■ **Your objective**
In the entries below, find each line where the word "realType" appears and give only the total count of such lines.

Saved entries
-------------------------
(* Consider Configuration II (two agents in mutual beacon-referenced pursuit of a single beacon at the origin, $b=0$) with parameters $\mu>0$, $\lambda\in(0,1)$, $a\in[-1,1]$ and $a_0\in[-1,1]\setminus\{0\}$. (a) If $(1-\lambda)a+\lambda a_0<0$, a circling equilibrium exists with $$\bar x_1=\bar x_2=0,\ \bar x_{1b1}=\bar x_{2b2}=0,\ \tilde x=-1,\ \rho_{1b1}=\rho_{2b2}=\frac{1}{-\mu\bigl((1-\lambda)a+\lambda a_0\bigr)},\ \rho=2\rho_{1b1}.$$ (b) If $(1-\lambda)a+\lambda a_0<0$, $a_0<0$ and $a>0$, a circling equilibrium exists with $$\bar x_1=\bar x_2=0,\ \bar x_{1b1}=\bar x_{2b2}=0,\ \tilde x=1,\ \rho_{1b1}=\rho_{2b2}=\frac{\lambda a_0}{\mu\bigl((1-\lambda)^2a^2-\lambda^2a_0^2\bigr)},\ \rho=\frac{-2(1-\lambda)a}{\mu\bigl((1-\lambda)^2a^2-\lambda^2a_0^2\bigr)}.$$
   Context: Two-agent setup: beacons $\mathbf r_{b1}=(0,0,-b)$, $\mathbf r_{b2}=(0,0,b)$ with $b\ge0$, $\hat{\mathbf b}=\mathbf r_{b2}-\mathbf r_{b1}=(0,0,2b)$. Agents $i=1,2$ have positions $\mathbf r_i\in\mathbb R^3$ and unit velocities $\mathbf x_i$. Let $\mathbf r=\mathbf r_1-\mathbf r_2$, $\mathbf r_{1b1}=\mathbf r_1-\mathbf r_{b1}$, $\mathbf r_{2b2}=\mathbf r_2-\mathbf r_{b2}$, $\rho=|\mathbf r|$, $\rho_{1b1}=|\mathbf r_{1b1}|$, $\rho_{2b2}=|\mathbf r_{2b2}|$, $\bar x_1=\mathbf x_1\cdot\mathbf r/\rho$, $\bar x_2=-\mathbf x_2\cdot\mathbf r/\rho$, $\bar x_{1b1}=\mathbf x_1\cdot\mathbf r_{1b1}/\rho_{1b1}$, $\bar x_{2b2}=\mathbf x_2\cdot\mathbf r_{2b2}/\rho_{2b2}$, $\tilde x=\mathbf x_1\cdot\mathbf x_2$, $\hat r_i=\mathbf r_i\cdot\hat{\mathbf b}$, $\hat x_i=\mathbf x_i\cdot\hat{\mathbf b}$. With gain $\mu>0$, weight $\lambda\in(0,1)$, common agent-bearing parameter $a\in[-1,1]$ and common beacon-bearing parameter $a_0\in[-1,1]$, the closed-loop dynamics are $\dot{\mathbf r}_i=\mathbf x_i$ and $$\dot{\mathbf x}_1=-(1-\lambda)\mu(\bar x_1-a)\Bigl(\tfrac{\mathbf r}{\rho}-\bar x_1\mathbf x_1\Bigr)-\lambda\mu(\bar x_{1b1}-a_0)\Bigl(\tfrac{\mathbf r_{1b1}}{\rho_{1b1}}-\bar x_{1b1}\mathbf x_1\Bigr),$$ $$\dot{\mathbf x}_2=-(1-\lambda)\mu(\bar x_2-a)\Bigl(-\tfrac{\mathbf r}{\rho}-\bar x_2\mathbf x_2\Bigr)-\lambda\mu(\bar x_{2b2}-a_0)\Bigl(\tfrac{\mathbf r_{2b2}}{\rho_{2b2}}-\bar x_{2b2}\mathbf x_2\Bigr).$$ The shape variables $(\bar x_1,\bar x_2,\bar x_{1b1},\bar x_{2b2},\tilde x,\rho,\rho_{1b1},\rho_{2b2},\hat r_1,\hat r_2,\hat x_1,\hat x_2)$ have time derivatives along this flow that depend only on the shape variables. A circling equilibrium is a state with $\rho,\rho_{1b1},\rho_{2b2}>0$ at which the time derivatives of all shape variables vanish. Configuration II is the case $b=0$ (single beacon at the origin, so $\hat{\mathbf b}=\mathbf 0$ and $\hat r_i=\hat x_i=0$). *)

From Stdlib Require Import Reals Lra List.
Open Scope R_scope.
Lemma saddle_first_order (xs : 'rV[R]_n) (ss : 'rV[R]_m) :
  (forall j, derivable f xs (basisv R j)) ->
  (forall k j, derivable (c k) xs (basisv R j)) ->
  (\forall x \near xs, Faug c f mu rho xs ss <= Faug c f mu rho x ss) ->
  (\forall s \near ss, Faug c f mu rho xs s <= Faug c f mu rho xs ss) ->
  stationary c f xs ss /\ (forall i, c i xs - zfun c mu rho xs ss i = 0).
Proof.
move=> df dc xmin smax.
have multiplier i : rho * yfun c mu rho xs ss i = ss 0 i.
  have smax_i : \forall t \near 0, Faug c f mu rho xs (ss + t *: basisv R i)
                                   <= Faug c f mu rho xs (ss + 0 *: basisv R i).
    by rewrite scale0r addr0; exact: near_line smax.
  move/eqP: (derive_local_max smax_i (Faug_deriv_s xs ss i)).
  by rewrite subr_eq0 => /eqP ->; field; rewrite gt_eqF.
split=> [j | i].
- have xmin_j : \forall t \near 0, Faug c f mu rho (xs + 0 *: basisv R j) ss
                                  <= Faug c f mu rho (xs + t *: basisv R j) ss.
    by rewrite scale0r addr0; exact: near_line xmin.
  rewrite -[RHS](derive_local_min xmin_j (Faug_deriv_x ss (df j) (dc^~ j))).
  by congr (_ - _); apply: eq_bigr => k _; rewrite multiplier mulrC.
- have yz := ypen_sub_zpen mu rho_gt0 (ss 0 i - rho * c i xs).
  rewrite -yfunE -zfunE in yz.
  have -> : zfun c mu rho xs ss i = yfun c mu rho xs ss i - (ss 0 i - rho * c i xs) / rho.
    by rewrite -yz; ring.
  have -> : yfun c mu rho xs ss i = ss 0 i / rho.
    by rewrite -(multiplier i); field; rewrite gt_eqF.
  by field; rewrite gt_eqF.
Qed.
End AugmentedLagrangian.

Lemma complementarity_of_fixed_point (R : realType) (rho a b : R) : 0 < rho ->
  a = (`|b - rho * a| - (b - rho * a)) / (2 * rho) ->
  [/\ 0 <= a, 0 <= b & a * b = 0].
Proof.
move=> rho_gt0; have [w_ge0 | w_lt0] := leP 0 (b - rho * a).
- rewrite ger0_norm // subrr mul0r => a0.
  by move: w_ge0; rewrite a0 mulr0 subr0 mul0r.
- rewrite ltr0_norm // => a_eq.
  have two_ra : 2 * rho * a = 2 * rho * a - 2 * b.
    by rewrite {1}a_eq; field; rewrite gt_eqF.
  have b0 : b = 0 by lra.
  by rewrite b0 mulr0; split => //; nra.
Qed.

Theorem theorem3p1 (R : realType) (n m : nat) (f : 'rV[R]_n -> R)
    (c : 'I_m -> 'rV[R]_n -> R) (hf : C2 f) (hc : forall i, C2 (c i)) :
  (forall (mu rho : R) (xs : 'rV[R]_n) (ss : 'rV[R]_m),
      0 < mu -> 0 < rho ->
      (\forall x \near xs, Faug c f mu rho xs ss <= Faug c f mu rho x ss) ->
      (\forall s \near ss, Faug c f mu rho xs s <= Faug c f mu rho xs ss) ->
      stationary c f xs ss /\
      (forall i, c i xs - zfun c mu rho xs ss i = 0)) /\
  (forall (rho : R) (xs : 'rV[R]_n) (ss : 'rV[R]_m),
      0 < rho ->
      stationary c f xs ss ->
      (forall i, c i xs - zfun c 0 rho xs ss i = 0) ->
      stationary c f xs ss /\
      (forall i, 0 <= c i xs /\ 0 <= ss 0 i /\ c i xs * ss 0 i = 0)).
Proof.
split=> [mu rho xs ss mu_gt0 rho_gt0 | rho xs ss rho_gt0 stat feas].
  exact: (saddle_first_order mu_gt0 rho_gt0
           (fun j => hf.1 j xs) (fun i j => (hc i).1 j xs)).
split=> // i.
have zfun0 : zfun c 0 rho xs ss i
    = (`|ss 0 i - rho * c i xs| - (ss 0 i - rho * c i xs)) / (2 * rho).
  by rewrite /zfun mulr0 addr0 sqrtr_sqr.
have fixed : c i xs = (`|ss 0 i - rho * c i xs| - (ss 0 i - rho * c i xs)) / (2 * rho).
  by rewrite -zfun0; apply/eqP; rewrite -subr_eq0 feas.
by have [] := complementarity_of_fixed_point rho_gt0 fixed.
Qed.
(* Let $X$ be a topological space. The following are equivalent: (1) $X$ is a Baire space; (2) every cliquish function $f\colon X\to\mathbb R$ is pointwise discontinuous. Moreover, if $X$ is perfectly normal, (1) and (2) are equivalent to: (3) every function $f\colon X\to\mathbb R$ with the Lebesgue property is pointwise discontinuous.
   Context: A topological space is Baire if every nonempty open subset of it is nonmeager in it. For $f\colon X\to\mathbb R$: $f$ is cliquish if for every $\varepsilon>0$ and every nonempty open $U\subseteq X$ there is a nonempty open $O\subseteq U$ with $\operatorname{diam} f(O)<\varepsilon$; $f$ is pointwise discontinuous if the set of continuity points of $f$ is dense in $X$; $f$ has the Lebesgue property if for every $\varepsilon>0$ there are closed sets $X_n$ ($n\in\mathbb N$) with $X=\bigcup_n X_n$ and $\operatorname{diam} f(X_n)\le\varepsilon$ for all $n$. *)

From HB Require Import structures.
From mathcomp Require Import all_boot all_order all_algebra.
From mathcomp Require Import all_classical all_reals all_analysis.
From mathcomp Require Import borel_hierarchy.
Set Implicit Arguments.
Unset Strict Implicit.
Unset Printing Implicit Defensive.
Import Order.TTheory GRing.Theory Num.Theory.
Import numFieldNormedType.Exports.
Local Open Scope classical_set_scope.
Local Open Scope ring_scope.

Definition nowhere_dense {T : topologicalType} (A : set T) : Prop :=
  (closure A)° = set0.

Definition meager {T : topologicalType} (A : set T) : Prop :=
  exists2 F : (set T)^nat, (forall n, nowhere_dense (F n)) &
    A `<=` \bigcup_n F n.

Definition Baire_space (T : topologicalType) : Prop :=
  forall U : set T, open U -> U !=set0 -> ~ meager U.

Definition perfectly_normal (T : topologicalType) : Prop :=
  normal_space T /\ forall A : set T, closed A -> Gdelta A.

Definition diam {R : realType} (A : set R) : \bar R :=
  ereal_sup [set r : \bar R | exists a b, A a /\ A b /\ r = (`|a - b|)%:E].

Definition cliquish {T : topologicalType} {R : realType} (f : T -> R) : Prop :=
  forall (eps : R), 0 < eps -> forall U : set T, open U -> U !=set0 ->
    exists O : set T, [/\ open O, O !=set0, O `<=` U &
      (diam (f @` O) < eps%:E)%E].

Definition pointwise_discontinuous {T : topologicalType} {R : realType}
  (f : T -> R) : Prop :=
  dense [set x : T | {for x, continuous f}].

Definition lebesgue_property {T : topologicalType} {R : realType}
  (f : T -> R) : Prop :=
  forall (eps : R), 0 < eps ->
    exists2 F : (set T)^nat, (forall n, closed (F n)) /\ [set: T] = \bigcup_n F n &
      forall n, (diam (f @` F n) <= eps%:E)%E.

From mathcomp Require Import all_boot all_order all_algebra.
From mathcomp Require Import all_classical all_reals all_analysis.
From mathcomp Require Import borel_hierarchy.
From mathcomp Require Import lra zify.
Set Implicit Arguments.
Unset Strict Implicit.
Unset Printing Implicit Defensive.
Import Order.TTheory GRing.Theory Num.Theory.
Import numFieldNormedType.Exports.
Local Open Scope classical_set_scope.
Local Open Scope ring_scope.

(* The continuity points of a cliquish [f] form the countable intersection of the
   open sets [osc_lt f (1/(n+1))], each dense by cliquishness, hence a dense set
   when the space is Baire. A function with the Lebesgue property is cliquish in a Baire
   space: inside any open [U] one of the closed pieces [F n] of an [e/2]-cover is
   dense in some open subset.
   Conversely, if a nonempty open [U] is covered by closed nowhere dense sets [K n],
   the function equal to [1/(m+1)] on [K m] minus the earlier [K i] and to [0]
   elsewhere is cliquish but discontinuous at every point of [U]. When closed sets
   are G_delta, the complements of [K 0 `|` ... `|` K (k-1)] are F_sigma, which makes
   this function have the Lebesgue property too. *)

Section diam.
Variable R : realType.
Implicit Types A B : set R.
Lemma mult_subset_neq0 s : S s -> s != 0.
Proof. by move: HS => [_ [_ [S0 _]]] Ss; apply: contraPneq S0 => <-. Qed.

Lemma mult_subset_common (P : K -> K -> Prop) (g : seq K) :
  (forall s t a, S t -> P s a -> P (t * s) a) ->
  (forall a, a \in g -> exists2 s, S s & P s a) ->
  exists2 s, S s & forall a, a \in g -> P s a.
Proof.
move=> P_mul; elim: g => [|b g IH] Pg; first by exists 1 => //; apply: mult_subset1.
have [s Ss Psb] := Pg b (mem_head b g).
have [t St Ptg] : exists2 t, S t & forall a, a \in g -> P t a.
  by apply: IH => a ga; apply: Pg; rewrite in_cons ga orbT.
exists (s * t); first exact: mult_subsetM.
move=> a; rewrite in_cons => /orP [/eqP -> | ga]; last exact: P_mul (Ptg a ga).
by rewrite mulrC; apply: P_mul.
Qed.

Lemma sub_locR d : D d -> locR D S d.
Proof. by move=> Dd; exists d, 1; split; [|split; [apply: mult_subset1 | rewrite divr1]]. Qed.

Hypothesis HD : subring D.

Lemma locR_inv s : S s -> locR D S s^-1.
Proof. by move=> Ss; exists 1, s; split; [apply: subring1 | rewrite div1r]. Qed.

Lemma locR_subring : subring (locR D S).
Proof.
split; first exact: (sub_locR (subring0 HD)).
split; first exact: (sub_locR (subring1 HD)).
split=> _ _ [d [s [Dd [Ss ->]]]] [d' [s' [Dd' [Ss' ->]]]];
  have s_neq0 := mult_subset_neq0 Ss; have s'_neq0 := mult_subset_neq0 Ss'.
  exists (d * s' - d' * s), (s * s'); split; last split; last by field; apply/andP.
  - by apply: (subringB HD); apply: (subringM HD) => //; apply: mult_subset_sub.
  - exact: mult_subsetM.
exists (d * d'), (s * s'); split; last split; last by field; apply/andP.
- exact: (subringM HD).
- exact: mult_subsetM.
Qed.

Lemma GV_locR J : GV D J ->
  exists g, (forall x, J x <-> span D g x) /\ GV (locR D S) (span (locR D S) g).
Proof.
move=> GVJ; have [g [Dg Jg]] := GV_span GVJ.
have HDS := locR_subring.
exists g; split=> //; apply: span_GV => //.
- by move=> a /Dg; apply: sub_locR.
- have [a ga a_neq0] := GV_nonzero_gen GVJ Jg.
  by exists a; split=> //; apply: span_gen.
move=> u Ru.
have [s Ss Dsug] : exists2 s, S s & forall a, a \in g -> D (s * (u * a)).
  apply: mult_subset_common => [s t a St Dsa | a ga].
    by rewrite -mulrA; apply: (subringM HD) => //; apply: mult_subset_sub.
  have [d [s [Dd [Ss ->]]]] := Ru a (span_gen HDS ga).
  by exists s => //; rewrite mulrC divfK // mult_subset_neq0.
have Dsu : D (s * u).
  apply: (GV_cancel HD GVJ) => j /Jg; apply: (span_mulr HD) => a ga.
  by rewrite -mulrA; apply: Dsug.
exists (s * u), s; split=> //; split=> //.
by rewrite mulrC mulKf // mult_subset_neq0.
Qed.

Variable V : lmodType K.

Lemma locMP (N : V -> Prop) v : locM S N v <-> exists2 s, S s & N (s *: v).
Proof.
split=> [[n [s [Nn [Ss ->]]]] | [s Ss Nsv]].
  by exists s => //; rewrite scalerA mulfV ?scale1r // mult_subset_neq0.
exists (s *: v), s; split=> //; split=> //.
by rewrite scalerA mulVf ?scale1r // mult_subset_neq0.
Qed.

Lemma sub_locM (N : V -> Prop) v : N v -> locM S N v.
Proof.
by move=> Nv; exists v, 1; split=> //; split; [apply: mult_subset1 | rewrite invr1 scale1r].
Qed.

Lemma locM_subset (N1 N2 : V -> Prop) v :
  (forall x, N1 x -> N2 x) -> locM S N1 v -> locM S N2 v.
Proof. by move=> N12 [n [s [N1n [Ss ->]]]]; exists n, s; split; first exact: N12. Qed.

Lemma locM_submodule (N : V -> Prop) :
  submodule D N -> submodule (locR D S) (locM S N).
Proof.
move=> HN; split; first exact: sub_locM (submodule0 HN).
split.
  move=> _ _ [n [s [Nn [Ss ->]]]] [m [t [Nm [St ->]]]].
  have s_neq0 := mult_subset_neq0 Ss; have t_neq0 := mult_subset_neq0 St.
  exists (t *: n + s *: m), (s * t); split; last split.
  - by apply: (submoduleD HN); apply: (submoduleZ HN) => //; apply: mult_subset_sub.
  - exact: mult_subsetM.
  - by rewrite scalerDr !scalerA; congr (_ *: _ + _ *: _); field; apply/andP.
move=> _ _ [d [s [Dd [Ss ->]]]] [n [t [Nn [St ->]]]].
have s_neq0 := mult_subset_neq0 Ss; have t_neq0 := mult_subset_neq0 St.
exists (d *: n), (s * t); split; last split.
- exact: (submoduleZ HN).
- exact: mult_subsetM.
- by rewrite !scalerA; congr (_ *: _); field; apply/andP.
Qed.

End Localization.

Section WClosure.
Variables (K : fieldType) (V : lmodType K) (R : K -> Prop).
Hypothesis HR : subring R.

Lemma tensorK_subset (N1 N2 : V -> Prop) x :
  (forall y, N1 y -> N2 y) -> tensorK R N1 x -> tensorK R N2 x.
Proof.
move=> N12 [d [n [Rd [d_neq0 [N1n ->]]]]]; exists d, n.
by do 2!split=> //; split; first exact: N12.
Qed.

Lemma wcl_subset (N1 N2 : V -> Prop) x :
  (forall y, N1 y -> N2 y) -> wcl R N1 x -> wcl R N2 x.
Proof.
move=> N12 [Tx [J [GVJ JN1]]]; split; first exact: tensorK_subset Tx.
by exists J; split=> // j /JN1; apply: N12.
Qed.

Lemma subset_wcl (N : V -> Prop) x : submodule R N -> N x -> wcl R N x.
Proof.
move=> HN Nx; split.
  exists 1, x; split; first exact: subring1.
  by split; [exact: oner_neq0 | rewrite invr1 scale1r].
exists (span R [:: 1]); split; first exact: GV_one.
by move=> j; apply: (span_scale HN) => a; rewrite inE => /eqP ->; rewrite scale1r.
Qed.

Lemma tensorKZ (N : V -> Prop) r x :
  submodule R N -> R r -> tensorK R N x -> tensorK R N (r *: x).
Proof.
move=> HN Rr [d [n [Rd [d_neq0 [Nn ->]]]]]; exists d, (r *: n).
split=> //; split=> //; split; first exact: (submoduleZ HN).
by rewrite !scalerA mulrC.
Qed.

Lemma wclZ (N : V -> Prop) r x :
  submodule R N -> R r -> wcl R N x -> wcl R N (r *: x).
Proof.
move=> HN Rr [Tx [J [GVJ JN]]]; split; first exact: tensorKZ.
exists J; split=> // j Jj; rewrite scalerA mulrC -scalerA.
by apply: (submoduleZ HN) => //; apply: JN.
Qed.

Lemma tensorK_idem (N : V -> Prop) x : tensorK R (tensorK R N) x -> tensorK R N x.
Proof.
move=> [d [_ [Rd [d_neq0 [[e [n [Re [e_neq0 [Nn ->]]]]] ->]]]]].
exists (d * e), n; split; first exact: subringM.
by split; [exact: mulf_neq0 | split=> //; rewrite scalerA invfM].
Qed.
-------------------------
■ **Answer space**
7